Exercise description =
Only the lines below starting at the one containing "forall x eps, eps" and ending at the one containing "is Hausdorff). *)" belong in the answer, each copied exactly.

Recorded data:

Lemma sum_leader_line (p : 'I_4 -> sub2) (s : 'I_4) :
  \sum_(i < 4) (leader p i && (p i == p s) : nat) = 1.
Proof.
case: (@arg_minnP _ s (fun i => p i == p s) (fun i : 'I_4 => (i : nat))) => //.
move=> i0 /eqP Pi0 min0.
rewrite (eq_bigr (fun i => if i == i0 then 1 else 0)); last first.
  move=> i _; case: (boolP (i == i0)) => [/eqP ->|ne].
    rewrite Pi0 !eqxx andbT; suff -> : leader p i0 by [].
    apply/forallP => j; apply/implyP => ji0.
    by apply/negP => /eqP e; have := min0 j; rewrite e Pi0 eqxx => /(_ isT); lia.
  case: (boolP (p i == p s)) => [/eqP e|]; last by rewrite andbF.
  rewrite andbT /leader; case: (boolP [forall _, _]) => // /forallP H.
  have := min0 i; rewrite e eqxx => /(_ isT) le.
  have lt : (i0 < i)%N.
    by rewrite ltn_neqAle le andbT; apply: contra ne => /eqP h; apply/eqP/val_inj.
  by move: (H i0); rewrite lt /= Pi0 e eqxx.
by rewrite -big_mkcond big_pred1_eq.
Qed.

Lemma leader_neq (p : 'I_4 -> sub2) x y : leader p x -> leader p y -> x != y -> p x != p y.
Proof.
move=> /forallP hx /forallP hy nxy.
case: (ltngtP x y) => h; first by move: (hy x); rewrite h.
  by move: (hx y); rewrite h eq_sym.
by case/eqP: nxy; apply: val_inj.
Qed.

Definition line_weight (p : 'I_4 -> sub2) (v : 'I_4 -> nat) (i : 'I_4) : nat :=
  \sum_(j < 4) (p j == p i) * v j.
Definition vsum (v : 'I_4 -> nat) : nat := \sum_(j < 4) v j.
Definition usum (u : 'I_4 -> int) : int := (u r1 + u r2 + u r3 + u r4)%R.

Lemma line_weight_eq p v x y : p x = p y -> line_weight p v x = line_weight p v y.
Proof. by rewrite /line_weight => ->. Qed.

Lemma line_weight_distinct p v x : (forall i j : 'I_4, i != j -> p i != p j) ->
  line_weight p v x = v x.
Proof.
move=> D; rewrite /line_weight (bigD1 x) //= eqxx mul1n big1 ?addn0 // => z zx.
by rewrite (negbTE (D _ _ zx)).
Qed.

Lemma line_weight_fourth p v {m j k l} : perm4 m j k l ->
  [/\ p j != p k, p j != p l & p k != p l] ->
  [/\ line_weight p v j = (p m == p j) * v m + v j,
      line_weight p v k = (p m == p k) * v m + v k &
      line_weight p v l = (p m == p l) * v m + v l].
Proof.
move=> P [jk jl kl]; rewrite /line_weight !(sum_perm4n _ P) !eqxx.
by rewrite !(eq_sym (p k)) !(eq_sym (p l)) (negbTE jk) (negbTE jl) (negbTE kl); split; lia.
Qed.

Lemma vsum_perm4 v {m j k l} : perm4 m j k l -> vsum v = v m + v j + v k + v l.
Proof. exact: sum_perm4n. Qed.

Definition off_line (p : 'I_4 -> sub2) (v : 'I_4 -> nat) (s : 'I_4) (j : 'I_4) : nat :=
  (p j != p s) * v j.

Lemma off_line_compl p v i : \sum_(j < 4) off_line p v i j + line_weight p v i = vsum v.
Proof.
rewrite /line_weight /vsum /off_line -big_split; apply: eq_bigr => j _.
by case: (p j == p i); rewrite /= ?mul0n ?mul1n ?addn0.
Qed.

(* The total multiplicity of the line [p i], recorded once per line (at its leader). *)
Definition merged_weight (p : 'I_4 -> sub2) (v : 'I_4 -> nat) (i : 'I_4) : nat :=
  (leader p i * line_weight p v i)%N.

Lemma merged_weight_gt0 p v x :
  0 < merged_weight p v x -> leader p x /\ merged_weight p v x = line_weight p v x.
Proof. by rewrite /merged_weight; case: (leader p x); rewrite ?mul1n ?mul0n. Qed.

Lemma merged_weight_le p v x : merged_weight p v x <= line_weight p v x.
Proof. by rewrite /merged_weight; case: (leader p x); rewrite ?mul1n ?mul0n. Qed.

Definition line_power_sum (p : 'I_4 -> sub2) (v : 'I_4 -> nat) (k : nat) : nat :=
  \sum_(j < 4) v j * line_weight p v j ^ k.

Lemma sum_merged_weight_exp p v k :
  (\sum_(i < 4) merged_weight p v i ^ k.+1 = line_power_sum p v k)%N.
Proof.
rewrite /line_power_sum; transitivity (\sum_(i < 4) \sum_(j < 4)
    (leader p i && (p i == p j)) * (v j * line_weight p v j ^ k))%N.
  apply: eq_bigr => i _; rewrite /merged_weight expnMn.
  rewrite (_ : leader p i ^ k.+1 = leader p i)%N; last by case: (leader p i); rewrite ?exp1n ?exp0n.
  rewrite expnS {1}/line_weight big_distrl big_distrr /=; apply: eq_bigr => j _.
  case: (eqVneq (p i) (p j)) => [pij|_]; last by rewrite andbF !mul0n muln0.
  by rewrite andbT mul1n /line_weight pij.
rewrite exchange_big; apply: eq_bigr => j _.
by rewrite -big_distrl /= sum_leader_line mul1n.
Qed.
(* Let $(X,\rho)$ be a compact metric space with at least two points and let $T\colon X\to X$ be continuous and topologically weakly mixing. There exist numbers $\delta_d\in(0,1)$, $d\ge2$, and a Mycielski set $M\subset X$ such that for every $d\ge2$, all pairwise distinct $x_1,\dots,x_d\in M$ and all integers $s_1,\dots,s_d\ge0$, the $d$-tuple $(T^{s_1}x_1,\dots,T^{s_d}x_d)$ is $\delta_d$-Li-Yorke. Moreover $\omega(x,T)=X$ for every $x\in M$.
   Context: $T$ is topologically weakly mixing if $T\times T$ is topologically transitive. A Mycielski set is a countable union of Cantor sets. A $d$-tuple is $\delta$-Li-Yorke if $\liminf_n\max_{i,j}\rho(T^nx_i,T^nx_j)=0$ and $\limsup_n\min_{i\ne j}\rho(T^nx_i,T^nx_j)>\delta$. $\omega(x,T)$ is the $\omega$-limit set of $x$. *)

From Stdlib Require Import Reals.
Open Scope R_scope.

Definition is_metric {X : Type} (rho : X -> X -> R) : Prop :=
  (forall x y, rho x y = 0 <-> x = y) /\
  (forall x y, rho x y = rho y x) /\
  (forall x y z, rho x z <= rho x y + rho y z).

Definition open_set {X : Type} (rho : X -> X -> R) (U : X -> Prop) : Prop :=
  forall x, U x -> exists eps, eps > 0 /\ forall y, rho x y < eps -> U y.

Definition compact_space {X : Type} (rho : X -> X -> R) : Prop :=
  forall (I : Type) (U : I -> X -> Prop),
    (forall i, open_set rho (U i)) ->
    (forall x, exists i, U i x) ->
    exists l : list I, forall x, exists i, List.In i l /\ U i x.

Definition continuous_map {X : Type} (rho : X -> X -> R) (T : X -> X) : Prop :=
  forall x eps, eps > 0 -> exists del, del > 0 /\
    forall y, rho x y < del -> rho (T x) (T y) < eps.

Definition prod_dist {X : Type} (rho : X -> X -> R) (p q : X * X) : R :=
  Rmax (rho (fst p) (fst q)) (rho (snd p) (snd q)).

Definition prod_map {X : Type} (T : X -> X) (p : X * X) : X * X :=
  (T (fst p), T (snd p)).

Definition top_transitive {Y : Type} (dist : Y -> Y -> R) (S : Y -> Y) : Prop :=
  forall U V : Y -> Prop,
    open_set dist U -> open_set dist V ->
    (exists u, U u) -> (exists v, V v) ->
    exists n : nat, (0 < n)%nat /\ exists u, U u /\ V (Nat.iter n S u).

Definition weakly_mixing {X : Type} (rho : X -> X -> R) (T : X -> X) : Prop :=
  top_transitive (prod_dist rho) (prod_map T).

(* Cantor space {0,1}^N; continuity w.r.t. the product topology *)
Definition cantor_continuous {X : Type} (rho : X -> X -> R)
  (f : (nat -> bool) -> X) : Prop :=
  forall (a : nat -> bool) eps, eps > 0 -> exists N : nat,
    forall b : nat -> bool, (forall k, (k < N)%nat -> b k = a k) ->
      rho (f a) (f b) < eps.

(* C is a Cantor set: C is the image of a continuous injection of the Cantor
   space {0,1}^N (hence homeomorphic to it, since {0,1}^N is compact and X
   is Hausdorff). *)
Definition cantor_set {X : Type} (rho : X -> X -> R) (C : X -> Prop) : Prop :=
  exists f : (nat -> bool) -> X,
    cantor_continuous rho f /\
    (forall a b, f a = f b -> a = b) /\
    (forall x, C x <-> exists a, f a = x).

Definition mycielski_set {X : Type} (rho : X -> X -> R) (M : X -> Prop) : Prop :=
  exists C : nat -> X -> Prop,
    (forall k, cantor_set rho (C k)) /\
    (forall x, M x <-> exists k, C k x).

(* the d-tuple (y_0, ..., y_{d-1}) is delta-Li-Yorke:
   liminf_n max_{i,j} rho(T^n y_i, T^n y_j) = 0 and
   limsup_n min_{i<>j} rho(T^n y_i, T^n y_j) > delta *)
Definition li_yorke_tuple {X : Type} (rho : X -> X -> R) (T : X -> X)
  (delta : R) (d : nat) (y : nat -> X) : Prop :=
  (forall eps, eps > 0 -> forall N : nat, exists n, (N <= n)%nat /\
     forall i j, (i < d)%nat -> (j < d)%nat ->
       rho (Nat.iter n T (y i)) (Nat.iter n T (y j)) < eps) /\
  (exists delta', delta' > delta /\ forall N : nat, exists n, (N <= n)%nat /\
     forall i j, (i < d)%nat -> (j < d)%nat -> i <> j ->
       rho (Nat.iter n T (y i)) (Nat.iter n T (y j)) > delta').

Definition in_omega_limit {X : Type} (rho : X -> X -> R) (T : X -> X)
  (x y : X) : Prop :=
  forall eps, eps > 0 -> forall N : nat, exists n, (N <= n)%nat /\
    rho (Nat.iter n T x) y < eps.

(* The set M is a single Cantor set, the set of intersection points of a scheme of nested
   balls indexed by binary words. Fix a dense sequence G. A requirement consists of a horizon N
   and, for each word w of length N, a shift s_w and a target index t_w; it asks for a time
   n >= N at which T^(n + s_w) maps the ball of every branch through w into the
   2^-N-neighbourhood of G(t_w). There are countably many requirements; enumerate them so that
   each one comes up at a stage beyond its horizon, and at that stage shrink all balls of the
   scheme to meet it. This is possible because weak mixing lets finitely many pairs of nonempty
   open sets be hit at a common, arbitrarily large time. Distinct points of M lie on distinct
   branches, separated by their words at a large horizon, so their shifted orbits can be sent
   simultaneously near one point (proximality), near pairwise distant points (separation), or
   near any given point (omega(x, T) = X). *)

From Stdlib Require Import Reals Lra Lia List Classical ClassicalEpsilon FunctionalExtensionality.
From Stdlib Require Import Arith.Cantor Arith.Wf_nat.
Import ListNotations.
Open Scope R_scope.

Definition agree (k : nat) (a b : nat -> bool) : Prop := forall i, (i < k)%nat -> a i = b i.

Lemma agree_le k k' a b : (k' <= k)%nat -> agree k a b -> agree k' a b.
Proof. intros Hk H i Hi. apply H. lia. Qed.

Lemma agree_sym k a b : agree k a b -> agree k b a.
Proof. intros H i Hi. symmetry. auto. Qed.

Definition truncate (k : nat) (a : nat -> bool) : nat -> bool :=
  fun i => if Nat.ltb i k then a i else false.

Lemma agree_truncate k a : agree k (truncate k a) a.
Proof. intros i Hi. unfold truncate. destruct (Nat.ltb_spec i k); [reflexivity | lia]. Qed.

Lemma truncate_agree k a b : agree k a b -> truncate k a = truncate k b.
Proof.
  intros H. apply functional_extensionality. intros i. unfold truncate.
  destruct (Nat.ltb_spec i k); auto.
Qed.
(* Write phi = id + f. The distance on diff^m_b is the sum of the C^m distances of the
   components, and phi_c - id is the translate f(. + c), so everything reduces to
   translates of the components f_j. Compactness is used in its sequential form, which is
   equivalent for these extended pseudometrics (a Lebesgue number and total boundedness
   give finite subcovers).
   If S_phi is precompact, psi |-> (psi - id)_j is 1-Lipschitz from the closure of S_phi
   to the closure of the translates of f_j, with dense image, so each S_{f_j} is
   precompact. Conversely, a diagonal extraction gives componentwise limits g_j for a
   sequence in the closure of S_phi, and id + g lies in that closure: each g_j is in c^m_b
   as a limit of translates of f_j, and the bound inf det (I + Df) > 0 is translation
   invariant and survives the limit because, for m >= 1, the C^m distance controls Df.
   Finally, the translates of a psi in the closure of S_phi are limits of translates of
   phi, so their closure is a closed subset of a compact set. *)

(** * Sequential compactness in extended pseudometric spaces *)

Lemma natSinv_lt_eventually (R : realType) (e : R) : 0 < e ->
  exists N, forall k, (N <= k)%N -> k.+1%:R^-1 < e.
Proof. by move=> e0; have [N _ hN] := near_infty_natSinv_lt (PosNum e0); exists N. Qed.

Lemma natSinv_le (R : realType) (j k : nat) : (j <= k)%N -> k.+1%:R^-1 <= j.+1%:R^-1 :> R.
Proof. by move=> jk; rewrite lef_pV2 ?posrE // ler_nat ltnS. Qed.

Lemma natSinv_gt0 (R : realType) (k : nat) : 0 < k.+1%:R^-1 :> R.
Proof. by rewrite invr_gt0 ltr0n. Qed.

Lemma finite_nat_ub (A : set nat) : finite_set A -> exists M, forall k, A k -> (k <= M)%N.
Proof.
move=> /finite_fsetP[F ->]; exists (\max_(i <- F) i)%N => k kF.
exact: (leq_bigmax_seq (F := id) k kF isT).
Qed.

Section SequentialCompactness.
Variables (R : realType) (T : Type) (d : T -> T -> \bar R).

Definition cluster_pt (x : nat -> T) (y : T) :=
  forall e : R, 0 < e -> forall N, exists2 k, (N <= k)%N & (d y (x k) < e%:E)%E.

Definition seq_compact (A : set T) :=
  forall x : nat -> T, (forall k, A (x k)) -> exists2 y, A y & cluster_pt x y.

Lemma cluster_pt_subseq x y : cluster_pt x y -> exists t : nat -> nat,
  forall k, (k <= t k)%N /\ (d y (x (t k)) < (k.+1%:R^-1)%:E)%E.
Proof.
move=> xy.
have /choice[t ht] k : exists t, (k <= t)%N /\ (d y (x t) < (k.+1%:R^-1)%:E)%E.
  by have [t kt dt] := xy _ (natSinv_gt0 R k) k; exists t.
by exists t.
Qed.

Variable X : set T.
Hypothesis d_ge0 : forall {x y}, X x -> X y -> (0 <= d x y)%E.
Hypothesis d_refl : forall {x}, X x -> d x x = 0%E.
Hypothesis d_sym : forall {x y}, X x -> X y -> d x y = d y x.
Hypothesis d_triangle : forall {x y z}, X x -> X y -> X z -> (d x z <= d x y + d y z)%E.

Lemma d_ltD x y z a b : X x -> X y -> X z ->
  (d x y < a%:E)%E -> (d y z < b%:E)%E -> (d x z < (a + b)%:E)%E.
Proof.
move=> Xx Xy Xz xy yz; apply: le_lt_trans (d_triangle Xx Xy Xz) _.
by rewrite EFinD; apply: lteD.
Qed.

Reply =
  forall x eps, eps > 0 -> exists del, del > 0 /\
    forall y, rho x y < del -> rho (T x) (T y) < eps.

Definition prod_dist {X : Type} (rho : X -> X -> R) (p q : X * X) : R :=
  Rmax (rho (fst p) (fst q)) (rho (snd p) (snd q)).

Definition prod_map {X : Type} (T : X -> X) (p : X * X) : X * X :=
  (T (fst p), T (snd p)).

Definition top_transitive {Y : Type} (dist : Y -> Y -> R) (S : Y -> Y) : Prop :=
  forall U V : Y -> Prop,
    open_set dist U -> open_set dist V ->
    (exists u, U u) -> (exists v, V v) ->
    exists n : nat, (0 < n)%nat /\ exists u, U u /\ V (Nat.iter n S u).

Definition weakly_mixing {X : Type} (rho : X -> X -> R) (T : X -> X) : Prop :=
  top_transitive (prod_dist rho) (prod_map T).

(* Cantor space {0,1}^N; continuity w.r.t. the product topology *)
Definition cantor_continuous {X : Type} (rho : X -> X -> R)
  (f : (nat -> bool) -> X) : Prop :=
  forall (a : nat -> bool) eps, eps > 0 -> exists N : nat,
    forall b : nat -> bool, (forall k, (k < N)%nat -> b k = a k) ->
      rho (f a) (f b) < eps.

(* C is a Cantor set: C is the image of a continuous injection of the Cantor
   space {0,1}^N (hence homeomorphic to it, since {0,1}^N is compact and X
   is Hausdorff). *)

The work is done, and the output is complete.